▶ **Stored items**:
((

Lemma subseq_boundary_word c t t' p p' : isHom +%R c t p -> isHom +%R c t' p' ->
  subseq (boundary_word (size c) t p) (boundary_word (size c) t' p') ->
  exists H, [/\ subseq H (iota 0 (size t').+1), size H = (size t).+1, nth 0 H 0 = 0 &
    forall j, j <= size t ->
      prefix_sum t' (nth 0 H j) = prefix_sum t j /\ index (nth 0 H j) p' = index j p].
Proof.
move=> hom_p hom_p' /(subseq_nthP (0%R, ord0)) [idx + word_idx].
rewrite size_map size_iota => sub_idx.
have size_idx : size idx = size t.
  by move/(congr1 size): word_idx; rewrite !size_map size_iota.
exists (0 :: [seq i.+1 | i <- idx]); split=> //.
- have iota1 : iota 1 (size t') = [seq i.+1 | i <- iota 0 (size t')].
    by rewrite -[1]addn0 iotaDl; apply: eq_map => i; rewrite add1n.
  by rewrite /= iota1; apply: map_subseq.
- by rewrite /= size_map size_idx.
case=> [_ | j jt] /=; first by rewrite !prefix_sum0 (hom_index0 hom_p) (hom_index0 hom_p').
have idx_j : nth 0 idx j < size t'.
  have j_idx : j < size idx by rewrite size_idx.
  by have := mem_subseq sub_idx (mem_nth 0 j_idx); rewrite mem_iota.
have := congr1 (nth (0%R, ord0) ^~ j) word_idx.
rewrite /= (nth_map 0) ?size_idx // !nth_boundary_word // => [[sums /(congr1 val)]].
rewrite /= !inordK ?(hom_index_lt _ hom_p) ?(hom_index_lt _ hom_p') // => indices.
by rewrite (nth_map 0) ?size_idx.
Qed.

Lemma subseq_boundary_word_hom c t t' p p' : isHom +%R c t p -> isHom +%R c t' p' ->
  subseq (boundary_word (size c) t p) (boundary_word (size c) t' p') ->
  exists2 H, isHom +%R t t' H & p' = Defs.comp H p.
Proof.
move=> hom_p hom_p' /(subseq_boundary_word hom_p hom_p') [H [sub_H size_H H0 labels]].
have [size_p _ last_p sorted_p] := hom_spec hom_p.
have [size_p' _ last_p' _] := hom_spec hom_p'.
have H_p i : i < size p -> nth 0 H (nth 0 p i) = nth 0 p' i.
  move=> ip; have [_] := labels _ (hom_le hom_p (mem_nth 0 ip)).
  rewrite index_uniq ?(sorted_uniq ltn_trans ltnn) // => index_H.
  have H_in_p' : nth 0 H (nth 0 p i) \in p' by rewrite -index_mem index_H size_p' -size_p.
  by rewrite -[in RHS]index_H nth_index.
exists H.
  apply: isHom_prefix_sums => //; last by move=> j /labels[].
  by rewrite -last_p H_p ?size_p.
apply: (@eq_from_nth _ 0) => [|i]; first by rewrite size_map size_p size_p'.
by rewrite size_p' -size_p => ip; rewrite (nth_map 0) // H_p.
Qed.

Lemma noetherian_finZmod c : noetherian_under +%R c.
Proof.
move=> tgt x _ hom_x.
have [i [j [ij sub]]] := higman (fun k => boundary_word (size c) (tgt k) (x k)).
have [H hom_H xjE] := subseq_boundary_word_hom (hom_x i) (hom_x j) sub.
by exists i, j; split=> //; exists H.
Qed.

End BoundaryWords.

Theorem groebner_finZmod (V : finZmodType) : groebner_elem_cat (+%R : V -> V -> V).
Proof.
move=> c _; split; last exact: noetherian_finZmod.
by exists (fun c' => digits_le (size c').+1); apply: admissible_digits_le.
Qed.

Theorem proposition5p13 : groebner_elem_cat (+%R : 'Z_2 -> 'Z_2 -> 'Z_2).
Proof. exact: groebner_finZmod. Qed.
(* Let $S,T\subseteq\mathbb{Z}_{>0}$ be finite with $T\preceq S$. Then $T\triangleleft S\preceq S$.
   Context: For a finite set $S\subseteq\mathbb{Z}_{>0}$, $S(i)$ denotes its $i$th smallest element. $T\preceq S$ means $|T|\ge|S|$ and $T(i)<S(i)$ for all $i\in[|S|]$. For finite $S,T$, $T\triangleleft S$ is computed by going through $S$ from largest to smallest; each $s$ picks the largest element of $T$ less than $s$ not yet picked (if one exists); $T\triangleleft S$ is the set of picked elements. *)

From mathcomp Require Import all_boot.
From mathcomp Require Import finmap.
Set Implicit Arguments. Unset Strict Implicit. Unset Printing Implicit Defensive.
Local Open Scope fset_scope.

Definition pos_set (S : {fset nat}) : bool := all (fun x => 0 < x) S.

Definition sorted_elems (S : {fset nat}) : seq nat := sort leq S.

(* S(i) : the i-th smallest element of S, for 1 <= i <= #|S| *)
Definition ith (S : {fset nat}) (i : nat) : nat := nth 0 (sorted_elems S) i.-1.

Definition preceq (T S : {fset nat}) : Prop :=
  #|` S| <= #|` T| /\ forall i, 1 <= i <= #|` S| -> ith T i < ith S i.

(* the greedy procedure: [avail] = elements of T not yet picked,
   [ss] = elements of S still to process, from largest to smallest *)
Fixpoint pick_aux (avail : seq nat) (ss : seq nat) : seq nat :=
  match ss with
  | [::] => [::]
  | s :: ss' =>
      let cands := [seq t <- avail | t < s] in
      if cands is [::] then pick_aux avail ss'
      else let m := \max_(t <- cands) t in m :: pick_aux (rem m avail) ss'
  end.

Definition tri (T S : {fset nat}) : {fset nat} :=
  [fset x | x in pick_aux (enum_fset T) (rev (sorted_elems S))].

(** The order [T ⪯ S] on sorted enumerations is equivalent to the counting
    condition: for every threshold [x], [S] has at most as many elements
    [<= x] as [T] has elements [< x].  Processing [S] from its largest element
    [s] down, the greedy step removes from [T] the largest [m < s]; this keeps
    the counting condition for the remaining elements of [S], because every
    element of [T] below [s] is at most [m].  Hence the picked elements
    satisfy the counting condition with respect to [S]. *)

From mathcomp Require Import all_boot.
From mathcomp Require Import finmap.
From mathcomp Require Import zify.
Local Open Scope fset_scope.

Definition seq_preceq (t s : seq nat) : Prop :=
  size s <= size t /\ forall i, i < size s -> nth 0 t i < nth 0 s i.

Definition dominates (t s : seq nat) : Prop :=
  forall x, count (fun y => y <= x) s <= count (fun y => y < x) t.

Lemma count_eq0_in (T : eqType) (a : pred T) (s : seq T) :
  {in s, forall y, ~~ a y} -> count a s = 0.
Proof. by move=> sNa; apply/eqP; rewrite -leqn0 leqNgt -has_count; apply/hasPn. Qed.

Lemma dominates_cons {a b : nat} {t s : seq nat} :
  b < a -> dominates t s -> dominates (b :: t) (a :: s).
Proof.
move=> ltba dom_ts x /=; apply: leq_add (dom_ts x).
by case: (leqP a x) => // /(leq_trans ltba) ->.
Qed.

Lemma perm_dominates {t1 t2 s1 s2 : seq nat} :
  dominates t1 s1 -> perm_eq t1 t2 -> perm_eq s1 s2 -> dominates t2 s2.
Proof. by move=> dom /permP pt /permP ps x; rewrite -pt -ps. Qed.

Lemma seq_preceq_dominates t s : seq_preceq t s -> dominates t s.
Proof.
elim: s t => [|a s IHs] [|b t] //= [sz_st lt_ts]; first by move=> x.
apply: dominates_cons; first exact: (lt_ts 0).
by apply: IHs; split=> // i; apply: (lt_ts i.+1).
Qed.

Lemma dominates_seq_preceq t s :
  sorted ltn s -> sorted ltn t -> dominates t s -> seq_preceq t s.
Proof.
elim: s t => [|a s IHs] t /= sorted_s sorted_t dom_ts; first by [].
have gt_a_s : all (fun y => a < y) s by exact: (order_path_min ltn_trans).
have := dom_ts a; rewrite /= leqnn.
case: t sorted_t dom_ts => [|b t] //= sorted_t dom_ts dom_a.
have gt_b_t : all (fun y => b < y) t by exact: (order_path_min ltn_trans).
have ltba : b < a.
  rewrite ltnNge; apply/negP=> leab; move: dom_a; rewrite ltnNge leab /=.
  rewrite (@count_eq0_in _ _ t) // => y /(allP gt_b_t) /ltnW leby.
  by rewrite -leqNgt (leq_trans leab).
have [sz_st lt_ts] : seq_preceq t s.
  apply: IHs; [exact: path_sorted sorted_s | exact: path_sorted sorted_t | move=> x].
  case: (leqP a x) => [leax | ltxa].
    by have := dom_ts x; rewrite /= leax (leq_trans ltba leax).
  rewrite count_eq0_in // => y /(allP gt_a_s) /(ltn_trans ltxa).
  by rewrite ltnNge.
by split=> // -[|i] //; apply: lt_ts.
Qed.

Lemma sorted_ltn_elems (S : {fset nat}) : sorted ltn (sorted_elems S).
Proof.
rewrite ltn_sorted_uniq_leq sort_uniq fset_uniq.
exact: (sort_sorted leq_total).
Qed.

Lemma preceq_seq_preceq (T S : {fset nat}) :
  preceq T S <-> seq_preceq (sorted_elems T) (sorted_elems S).
Proof.
rewrite /preceq /seq_preceq /sorted_elems !size_sort.
split=> -[sz_ST lt_TS]; split=> //.
  by move=> i ltiS; apply: (lt_TS i.+1).
by case=> // i /andP[_ leiS]; apply: lt_TS.
Qed.

Lemma preceq_dominates (T S : {fset nat}) : preceq T S <-> dominates T S.
Proof.
have perm_elems (A : {fset nat}) : perm_eq (sorted_elems A) A by rewrite perm_sort.
rewrite preceq_seq_preceq; split=> [/seq_preceq_dominates dom_TS | dom_TS].
  exact: perm_dominates dom_TS _ _.
apply: dominates_seq_preceq (sorted_ltn_elems _) (sorted_ltn_elems _) _.
by apply: (perm_dominates dom_TS); rewrite perm_sym.
Qed.

Lemma bigmax_mem (l : seq nat) : l != [::] -> \max_(t <- l) t \in l.
Proof.
elim: l => // c [|d l] IHl _; first by rewrite big_seq1 mem_head.
rewrite big_cons /maxn; case: ltnP => _; last exact: mem_head.
by rewrite inE IHl ?orbT.
Qed.

Section Greedy.

Context {A : seq nat} {s : nat}.

Let m := \max_(t <- [seq t <- A | t < s]) t.

Lemma greedy_pick_spec :
  has (fun t => t < s) A ->
  [/\ m \in A, m < s & {in A, forall a, a < s -> a <= m}].
Proof.
rewrite has_filter => cands_nonnil.
have := @bigmax_mem _ cands_nonnil; rewrite mem_filter => /andP[ltms mA].
split=> // a aA ltas; apply: leq_bigmax_seq => //.
by rewrite mem_filter ltas.
Qed.

Lemma dominates_rem_greedy {ss : seq nat} :
  all (fun y => y <= s) ss -> dominates A (s :: ss) -> dominates (rem m A) ss.
Proof.
move=> le_ss_s dom_A.
have cnt_s : (size ss).+1 <= count (fun y => y < s) A.
  have cnt_ss : count (fun y => y <= s) ss = size ss by apply/eqP; rewrite -all_count.
  by have := dom_A s; rewrite /= leqnn cnt_ss.
have /greedy_pick_spec[mA ltms max_m] : has (fun t => t < s) A.
  by rewrite has_count (leq_trans _ cnt_s).
move=> x; have := dom_A x; rewrite /= count_rem mA /=.
case: (ltnP m x) => [ltmx | lexm]; last by rewrite subn0 => /(leq_trans (leq_addl _ _)).
case: (leqP s x) => [lesx | ltxs]; first by rewrite /=; lia.
have eq_cnt : count (fun y => y < x) A = count (fun y => y < s) A.
  apply: eq_in_count => a aA /=; apply/idP/idP => [ltax | ltas].
    exact: ltn_trans ltax ltxs.
  exact: leq_ltn_trans (max_m a aA ltas) ltmx.
by rewrite eq_cnt /=; have := count_size (fun y => y <= x) ss; lia.
Qed.

End Greedy.

Lemma pick_aux_sub (A ss : seq nat) : {subset pick_aux A ss <= A}.
Proof.
elim: ss A => [|s ss IHss] A y /=; first by rewrite in_nil.
case cands: [seq t <- A | t < s] => [|c cs]; first exact: IHss.
have /greedy_pick_spec[mA _ _] : has (fun t => t < s) A by rewrite has_filter cands.
rewrite -cands inE => /predU1P[-> // | /IHss].
exact: mem_rem.
Qed.

Lemma pick_aux_uniq (A ss : seq nat) : uniq A -> uniq (pick_aux A ss).
Proof.
elim: ss A => [|s ss IHss] A //= uA.
case cands: [seq t <- A | t < s] => [|c cs]; first exact: IHss.
rewrite -cands /= IHss ?rem_uniq // andbT.
by apply/negP=> /pick_aux_sub; rewrite mem_rem_uniq // inE eqxx.
Qed.

Lemma pick_aux_dominates {A ss : seq nat} :
  sorted geq ss -> dominates A ss -> dominates (pick_aux A ss) ss.
Proof.
elim: ss A => [|s ss IHss] A /= sorted_ss dom_A; first by move=> x.
have le_ss_s : all (fun y => y <= s) ss.
  exact: order_path_min (rev_trans leq_trans) sorted_ss.
have cnt_s : 0 < count (fun y => y < s) A.
  by have := dom_A s; rewrite /= leqnn; apply/leq_trans/leq_addr.
have /greedy_pick_spec[_ ltms _] : has (fun t => t < s) A by rewrite has_count.
case cands: [seq t <- A | t < s] => [|c cs].
  by move: cnt_s; rewrite -size_filter cands.
rewrite -cands; apply: dominates_cons => //.
exact: IHss (path_sorted sorted_ss) (dominates_rem_greedy le_ss_s dom_A).
Qed.

Lemma perm_tri (T S : {fset nat}) :
  perm_eq (tri T S) (pick_aux T (rev (sorted_elems S))).
Proof.
apply: uniq_perm; rewrite ?pick_aux_uniq ?fset_uniq // => x.
by rewrite /tri inE.
Qed.

Theorem corollary4p8 (S T : {fset nat}) :
  pos_set S -> pos_set T -> preceq T S -> preceq (tri T S) S.
Proof.
move=> _ _; rewrite !preceq_dominates => dom_TS.
have perm_revS : perm_eq (rev (sorted_elems S)) S by rewrite perm_rev perm_sort.
have sorted_revS : sorted geq (rev (sorted_elems S)).
  by rewrite rev_sorted; exact: (sort_sorted leq_total).
have dom_revS : dominates T (rev (sorted_elems S)).
  by apply: (perm_dominates dom_TS); rewrite // perm_sym.
apply: (perm_dominates (pick_aux_dominates sorted_revS dom_revS) _ perm_revS).
by rewrite perm_sym perm_tri.
Qed.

))

▶ **Brief**:
Above are the records. Print exactly, and only, the lines from the line with "by rewrite ltnNge." to the line with "have := @bigmax_mem", both inclusive.

▶ **Output below**:
  by rewrite ltnNge.
by split=> // -[|i] //; apply: lt_ts.
Qed.

Lemma sorted_ltn_elems (S : {fset nat}) : sorted ltn (sorted_elems S).
Proof.
rewrite ltn_sorted_uniq_leq sort_uniq fset_uniq.
exact: (sort_sorted leq_total).
Qed.

Lemma preceq_seq_preceq (T S : {fset nat}) :
  preceq T S <-> seq_preceq (sorted_elems T) (sorted_elems S).
Proof.
rewrite /preceq /seq_preceq /sorted_elems !size_sort.
split=> -[sz_ST lt_TS]; split=> //.
  by move=> i ltiS; apply: (lt_TS i.+1).
by case=> // i /andP[_ leiS]; apply: lt_TS.
Qed.

Lemma preceq_dominates (T S : {fset nat}) : preceq T S <-> dominates T S.
Proof.
have perm_elems (A : {fset nat}) : perm_eq (sorted_elems A) A by rewrite perm_sort.
rewrite preceq_seq_preceq; split=> [/seq_preceq_dominates dom_TS | dom_TS].
  exact: perm_dominates dom_TS _ _.
apply: dominates_seq_preceq (sorted_ltn_elems _) (sorted_ltn_elems _) _.
by apply: (perm_dominates dom_TS); rewrite perm_sym.
Qed.

Lemma bigmax_mem (l : seq nat) : l != [::] -> \max_(t <- l) t \in l.
Proof.
elim: l => // c [|d l] IHl _; first by rewrite big_seq1 mem_head.
rewrite big_cons /maxn; case: ltnP => _; last exact: mem_head.
by rewrite inE IHl ?orbT.
Qed.

Section Greedy.

Context {A : seq nat} {s : nat}.

Let m := \max_(t <- [seq t <- A | t < s]) t.

Lemma greedy_pick_spec :
  has (fun t => t < s) A ->
  [/\ m \in A, m < s & {in A, forall a, a < s -> a <= m}].
Proof.
rewrite has_filter => cands_nonnil.
have := @bigmax_mem _ cands_nonnil; rewrite mem_filter => /andP[ltms mA].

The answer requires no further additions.